(* Let $K$ be a compact Hausdorff space. A one-dimensional real Banach space can be U-embedded into $C(K)$ if and only if $K$ contains at least one $G_\delta$-point, i.e. a point $p$ such that $\{p\}$ is a $G_\delta$-subset of $K$.
   Context: $C(K)$ carries the sup norm. A linear isometry $T\colon X\to Y$ is a U-embedding if every $x^*\in X^*$ has a unique $y^*\in Y^*$ with $T^*(y^* )=x^*$ and $\|y^*\|=\|x^*\|$. *)

From HB Require Import structures.
From mathcomp Require Import all_boot all_order all_algebra.
From mathcomp Require Import all_classical all_reals all_analysis borel_hierarchy.
Set Implicit Arguments. Unset Strict Implicit. Unset Printing Implicit Defensive.
Import Order.TTheory GRing.Theory Num.Theory.
Import numFieldNormedType.Exports.
Local Open Scope classical_set_scope.
Local Open Scope ring_scope.

Section Defs.
Variables (R : realType).

Section CK.
Variable K : topologicalType.

Definition supnorm (f : K -> R) : R := sup [set `|f x| | x in [set: K]].

(* y* in C(K)^*: a bounded linear functional on C(K).  We represent it by a
   function on K -> R; only its values on continuous functions matter. *)
Definition CK_dual (phi : (K -> R) -> R) : Prop :=
  [/\ (forall f g, continuous f -> continuous g ->
         phi (fun x => f x + g x) = phi f + phi g),
      (forall (a : R) f, continuous f -> phi (fun x => a * f x) = a * phi f)
    & exists M : R, forall f, continuous f -> `|phi f| <= M * supnorm f].

Definition CK_dual_norm (phi : (K -> R) -> R) : R :=
  sup [set `|phi f| | f in [set f : K -> R | continuous f /\ supnorm f <= 1]].
End CK.

Section Dual.
Variable X : normedModType R.

Definition dual_fun (xs : X -> R) : Prop :=
  (forall (a : R) (x y : X), xs (a *: x + y) = a * xs x + xs y) /\
  (exists M : R, forall x, `|xs x| <= M * `|x|).

Definition dual_norm (xs : X -> R) : R :=
  sup [set `|xs x| | x in [set x : X | `|x| <= 1]].

Definition one_dimensional : Prop :=
  exists e : X, e != 0 /\ forall x : X, exists t : R, x = t *: e.
End Dual.

Section UEmb.
Variables (X : normedModType R) (K : topologicalType).

Definition lin_isometry_CK (T : X -> K -> R) : Prop :=
  [/\ (forall x, continuous (T x)),
      (forall (a : R) (x y : X), T (a *: x + y) = (fun k => a * T x k + T y k))
    & (forall x, supnorm (T x) = `|x|)].

(* T^*(y* ) = y* o T.  Uniqueness of y* is as an element of C(K)^*, i.e.
   agreement on all continuous functions. *)
Definition U_embedding (T : X -> K -> R) : Prop :=
  lin_isometry_CK T /\
  forall xs : X -> R, dual_fun xs ->
    exists ys : (K -> R) -> R,
      [/\ CK_dual ys, (forall x, ys (T x) = xs x),
          CK_dual_norm ys = dual_norm xs
        & forall zs : (K -> R) -> R, CK_dual zs ->
            (forall x, zs (T x) = xs x) -> CK_dual_norm zs = dual_norm xs ->
            forall f : K -> R, continuous f -> zs f = ys f].
End UEmb.
End Defs.

From HB Require Import structures.
From mathcomp Require Import all_boot all_order all_algebra.
From mathcomp Require Import all_classical all_reals all_analysis borel_hierarchy.
From mathcomp Require Import ring lra.
Import Order.TTheory GRing.Theory Num.Theory.
Import numFieldNormedType.Exports.
Local Open Scope classical_set_scope.
Local Open Scope ring_scope.
Set Implicit Arguments. Unset Strict Implicit. Unset Printing Implicit Defensive.

(** If T is a U-embedding of the line spanned by e, then at every point k where
    |T e| attains its maximum |e|, the functional g |-> g k / T e k is a
    norm-preserving extension of the coordinate functional of e; uniqueness of
    that extension and Urysohn's lemma force the maximum point p to be unique,
    and then {p} is the intersection of the open sets [|T e| > |e| - 1/(n+1)].
    Conversely, if {p} is the intersection of open sets U_n, the normalized sum
    of 2^-(n+1) u_n, with u_n Urysohn functions equal to 1 at p and 0 off U_n,
    is a peak function f at p, and t e |-> t |e| f is a U-embedding: a
    functional psi with norm at most |psi f| kills every g with
    |g| <= 1 - |f|, hence, cutting g off at small levels, every g vanishing at
    p, so psi = psi f * delta_p. *)

Section ContinuousFunctions.
Variables (R : realType) (K : topologicalType).
Implicit Types (a : R) (f g : K -> R).

Lemma continuous_cstM a g : continuous g -> continuous (fun x => a * g x).
Proof. by move=> cg x; exact: (cvgM (cvg_cst a) (cg x)). Qed.

Lemma continuous_add f g :
  continuous f -> continuous g -> continuous (fun x => f x + g x).
Proof. by move=> cf cg x; exact: (cvgD (cf x) (cg x)). Qed.

Lemma continuous_sub f g :
  continuous f -> continuous g -> continuous (fun x => f x - g x).
Proof. by move=> cf cg x; exact: (continuousB (cf x) (cg x)). Qed.

Lemma continuous_normr g : continuous g -> continuous (fun x => `|g x|).
Proof. by move=> cg x; exact: (cvg_norm (cg x)). Qed.

End ContinuousFunctions.

Section SupNorm.
Variables (R : realType) (K : topologicalType).
Implicit Types (f g : K -> R) (phi : (K -> R) -> R).

Lemma supnorm_empty g : ~ ([set: K] !=set0) -> supnorm g = 0.
Proof.
move=> K0; rewrite /supnorm.
suff -> : [set `|g x| | x in [set: K]] = set0 by rewrite sup0.
by apply/seteqP; split => // t [x _ _]; apply: K0; exists x.
Qed.

Lemma supnorm_le g M : 0 <= M -> (forall x, `|g x| <= M) -> supnorm g <= M.
Proof.
move=> M0 gM; have [[x _]|K0] := pselect ([set: K] !=set0).
  by apply: ge_sup => [|_ [y _ <-]]; [exists `|g x|, x|].
by rewrite supnorm_empty.
Qed.

Hypothesis cK : compact [set: K].

Lemma compact_argmax_normr g : continuous g -> [set: K] !=set0 ->
  exists p, forall x, `|g x| <= `|g p|.
Proof.
move=> cg K0; have [p _ gp] := compact_EVT_max K0 cK
  (continuous_subspaceT (continuous_normr cg)).
by exists p => x; apply: gp; rewrite in_setT.
Qed.

Lemma supnorm_ub g x : continuous g -> `|g x| <= supnorm g.
Proof.
move=> cg; have [p gp] := compact_argmax_normr cg (ex_intro _ x I).
by apply: ub_le_sup; [exists `|g p| => _ [y _ <-]|exists x].
Qed.

Lemma supnorm_ge0 g : continuous g -> 0 <= supnorm g.
Proof.
move=> cg; have [[x _]|K0] := pselect ([set: K] !=set0).
  exact: le_trans (normr_ge0 _) (supnorm_ub x cg).
by rewrite supnorm_empty.
Qed.

Lemma supnorm_eq g p M : continuous g ->
  (forall x, `|g x| <= M) -> `|g p| = M -> supnorm g = M.
Proof.
move=> cg gM gp; apply/le_anti/andP; split; last by rewrite -gp supnorm_ub.
by apply: supnorm_le => //; rewrite -gp.
Qed.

◆ ◆ ◆ ◆ ◆

### [TASK TO COMPLETE]
All lines above between those holding "that extension and" and "Lemma continuous_normr g", inclusive, must be set down unchanged, and no other line may be included.

### [WORKED SOLUTION]
    that extension and Urysohn's lemma force the maximum point p to be unique,
    and then {p} is the intersection of the open sets [|T e| > |e| - 1/(n+1)].
    Conversely, if {p} is the intersection of open sets U_n, the normalized sum
    of 2^-(n+1) u_n, with u_n Urysohn functions equal to 1 at p and 0 off U_n,
    is a peak function f at p, and t e |-> t |e| f is a U-embedding: a
    functional psi with norm at most |psi f| kills every g with
    |g| <= 1 - |f|, hence, cutting g off at small levels, every g vanishing at
    p, so psi = psi f * delta_p. *)

Section ContinuousFunctions.
Variables (R : realType) (K : topologicalType).
Implicit Types (a : R) (f g : K -> R).

Lemma continuous_cstM a g : continuous g -> continuous (fun x => a * g x).
Proof. by move=> cg x; exact: (cvgM (cvg_cst a) (cg x)). Qed.

Lemma continuous_add f g :
  continuous f -> continuous g -> continuous (fun x => f x + g x).
Proof. by move=> cf cg x; exact: (cvgD (cf x) (cg x)). Qed.

Lemma continuous_sub f g :
  continuous f -> continuous g -> continuous (fun x => f x - g x).
Proof. by move=> cf cg x; exact: (continuousB (cf x) (cg x)). Qed.

Lemma continuous_normr g : continuous g -> continuous (fun x => `|g x|).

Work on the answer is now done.